▶ [Your task]
Your answer should be the line containing "sdeg 0 (fun x => eps" and each line after it through the end of the data below, repeated exactly.

(Supplied material begins)

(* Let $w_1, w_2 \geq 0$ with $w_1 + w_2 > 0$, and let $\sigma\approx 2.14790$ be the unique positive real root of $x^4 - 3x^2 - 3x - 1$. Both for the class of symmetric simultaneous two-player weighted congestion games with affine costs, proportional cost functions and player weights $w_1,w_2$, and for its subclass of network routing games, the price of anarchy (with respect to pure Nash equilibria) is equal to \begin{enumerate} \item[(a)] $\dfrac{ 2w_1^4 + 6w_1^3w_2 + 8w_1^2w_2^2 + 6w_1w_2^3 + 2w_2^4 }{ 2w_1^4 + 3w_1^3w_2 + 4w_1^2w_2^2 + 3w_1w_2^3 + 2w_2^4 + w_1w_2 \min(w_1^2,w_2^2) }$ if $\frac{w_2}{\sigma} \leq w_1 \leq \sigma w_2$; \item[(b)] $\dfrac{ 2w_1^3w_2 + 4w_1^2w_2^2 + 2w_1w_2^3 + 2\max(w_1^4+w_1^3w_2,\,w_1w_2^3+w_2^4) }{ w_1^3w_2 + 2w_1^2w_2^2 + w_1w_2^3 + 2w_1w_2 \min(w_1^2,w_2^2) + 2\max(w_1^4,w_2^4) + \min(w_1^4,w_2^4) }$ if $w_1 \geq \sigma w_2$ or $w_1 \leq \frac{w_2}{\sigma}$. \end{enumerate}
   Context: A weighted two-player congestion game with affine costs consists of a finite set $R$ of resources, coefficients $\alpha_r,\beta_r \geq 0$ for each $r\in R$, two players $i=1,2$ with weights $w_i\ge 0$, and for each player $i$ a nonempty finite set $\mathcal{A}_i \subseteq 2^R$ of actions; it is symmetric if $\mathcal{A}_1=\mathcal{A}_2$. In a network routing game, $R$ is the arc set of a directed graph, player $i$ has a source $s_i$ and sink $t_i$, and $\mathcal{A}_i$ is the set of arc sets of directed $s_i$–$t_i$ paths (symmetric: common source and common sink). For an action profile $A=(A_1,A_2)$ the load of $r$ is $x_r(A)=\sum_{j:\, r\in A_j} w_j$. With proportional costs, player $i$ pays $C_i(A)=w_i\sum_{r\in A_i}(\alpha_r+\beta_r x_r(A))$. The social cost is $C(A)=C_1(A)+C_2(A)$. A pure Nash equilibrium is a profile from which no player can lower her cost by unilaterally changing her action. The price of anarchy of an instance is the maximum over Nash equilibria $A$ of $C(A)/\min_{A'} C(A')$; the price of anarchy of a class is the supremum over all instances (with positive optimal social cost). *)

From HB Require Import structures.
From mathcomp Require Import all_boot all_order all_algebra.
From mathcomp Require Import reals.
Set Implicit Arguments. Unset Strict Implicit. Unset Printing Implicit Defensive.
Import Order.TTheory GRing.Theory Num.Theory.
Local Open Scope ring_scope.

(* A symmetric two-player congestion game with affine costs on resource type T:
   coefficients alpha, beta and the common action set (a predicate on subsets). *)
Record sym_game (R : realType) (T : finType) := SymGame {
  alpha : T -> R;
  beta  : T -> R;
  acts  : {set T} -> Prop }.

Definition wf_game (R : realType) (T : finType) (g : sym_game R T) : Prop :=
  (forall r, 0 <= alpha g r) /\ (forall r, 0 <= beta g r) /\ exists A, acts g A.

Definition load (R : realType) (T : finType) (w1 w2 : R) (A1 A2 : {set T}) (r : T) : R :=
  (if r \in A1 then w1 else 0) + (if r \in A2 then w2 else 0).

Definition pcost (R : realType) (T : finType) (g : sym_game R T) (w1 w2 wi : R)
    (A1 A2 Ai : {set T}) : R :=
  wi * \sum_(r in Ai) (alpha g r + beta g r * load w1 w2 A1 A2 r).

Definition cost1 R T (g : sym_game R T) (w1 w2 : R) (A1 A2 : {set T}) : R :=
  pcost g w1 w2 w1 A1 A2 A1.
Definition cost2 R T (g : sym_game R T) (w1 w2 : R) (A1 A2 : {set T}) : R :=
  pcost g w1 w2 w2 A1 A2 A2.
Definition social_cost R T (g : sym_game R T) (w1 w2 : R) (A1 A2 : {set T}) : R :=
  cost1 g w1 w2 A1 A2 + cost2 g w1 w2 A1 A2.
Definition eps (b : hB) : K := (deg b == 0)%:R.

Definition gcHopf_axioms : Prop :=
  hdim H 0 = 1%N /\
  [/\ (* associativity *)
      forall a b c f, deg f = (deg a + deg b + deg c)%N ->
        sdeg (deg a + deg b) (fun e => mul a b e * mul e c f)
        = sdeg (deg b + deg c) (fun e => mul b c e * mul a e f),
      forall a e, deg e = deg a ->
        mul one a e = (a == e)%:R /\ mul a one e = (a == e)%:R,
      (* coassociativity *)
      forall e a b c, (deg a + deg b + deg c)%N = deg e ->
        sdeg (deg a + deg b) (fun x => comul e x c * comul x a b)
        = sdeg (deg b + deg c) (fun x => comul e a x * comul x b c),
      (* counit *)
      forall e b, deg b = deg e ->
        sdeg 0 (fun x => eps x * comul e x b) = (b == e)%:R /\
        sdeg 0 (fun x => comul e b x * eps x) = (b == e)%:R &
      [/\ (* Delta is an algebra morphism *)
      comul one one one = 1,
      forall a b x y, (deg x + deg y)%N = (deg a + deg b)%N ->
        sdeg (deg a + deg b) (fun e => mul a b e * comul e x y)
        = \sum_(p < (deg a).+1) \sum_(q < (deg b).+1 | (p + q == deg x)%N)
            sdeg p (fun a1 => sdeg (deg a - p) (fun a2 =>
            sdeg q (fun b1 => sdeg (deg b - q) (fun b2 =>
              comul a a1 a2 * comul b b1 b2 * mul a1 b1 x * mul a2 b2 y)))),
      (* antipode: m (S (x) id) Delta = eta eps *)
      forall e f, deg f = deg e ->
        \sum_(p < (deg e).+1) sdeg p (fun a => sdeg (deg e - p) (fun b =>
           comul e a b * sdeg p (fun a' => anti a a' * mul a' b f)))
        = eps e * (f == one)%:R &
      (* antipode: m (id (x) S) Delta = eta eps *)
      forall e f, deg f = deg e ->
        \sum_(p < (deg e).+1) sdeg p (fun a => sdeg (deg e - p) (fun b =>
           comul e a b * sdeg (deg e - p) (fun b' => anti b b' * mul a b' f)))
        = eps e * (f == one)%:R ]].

(Supplied material ends)

▶ [Written solution]
        sdeg 0 (fun x => eps x * comul e x b) = (b == e)%:R /\
        sdeg 0 (fun x => comul e b x * eps x) = (b == e)%:R &
      [/\ (* Delta is an algebra morphism *)
      comul one one one = 1,
      forall a b x y, (deg x + deg y)%N = (deg a + deg b)%N ->
        sdeg (deg a + deg b) (fun e => mul a b e * comul e x y)
        = \sum_(p < (deg a).+1) \sum_(q < (deg b).+1 | (p + q == deg x)%N)
            sdeg p (fun a1 => sdeg (deg a - p) (fun a2 =>
            sdeg q (fun b1 => sdeg (deg b - q) (fun b2 =>
              comul a a1 a2 * comul b b1 b2 * mul a1 b1 x * mul a2 b2 y)))),
      (* antipode: m (S (x) id) Delta = eta eps *)
      forall e f, deg f = deg e ->
        \sum_(p < (deg e).+1) sdeg p (fun a => sdeg (deg e - p) (fun b =>
           comul e a b * sdeg p (fun a' => anti a a' * mul a' b f)))
        = eps e * (f == one)%:R &
      (* antipode: m (id (x) S) Delta = eta eps *)
      forall e f, deg f = deg e ->
        \sum_(p < (deg e).+1) sdeg p (fun a => sdeg (deg e - p) (fun b =>
           comul e a b * sdeg (deg e - p) (fun b' => anti b b' * mul a b' f)))
        = eps e * (f == one)%:R ]].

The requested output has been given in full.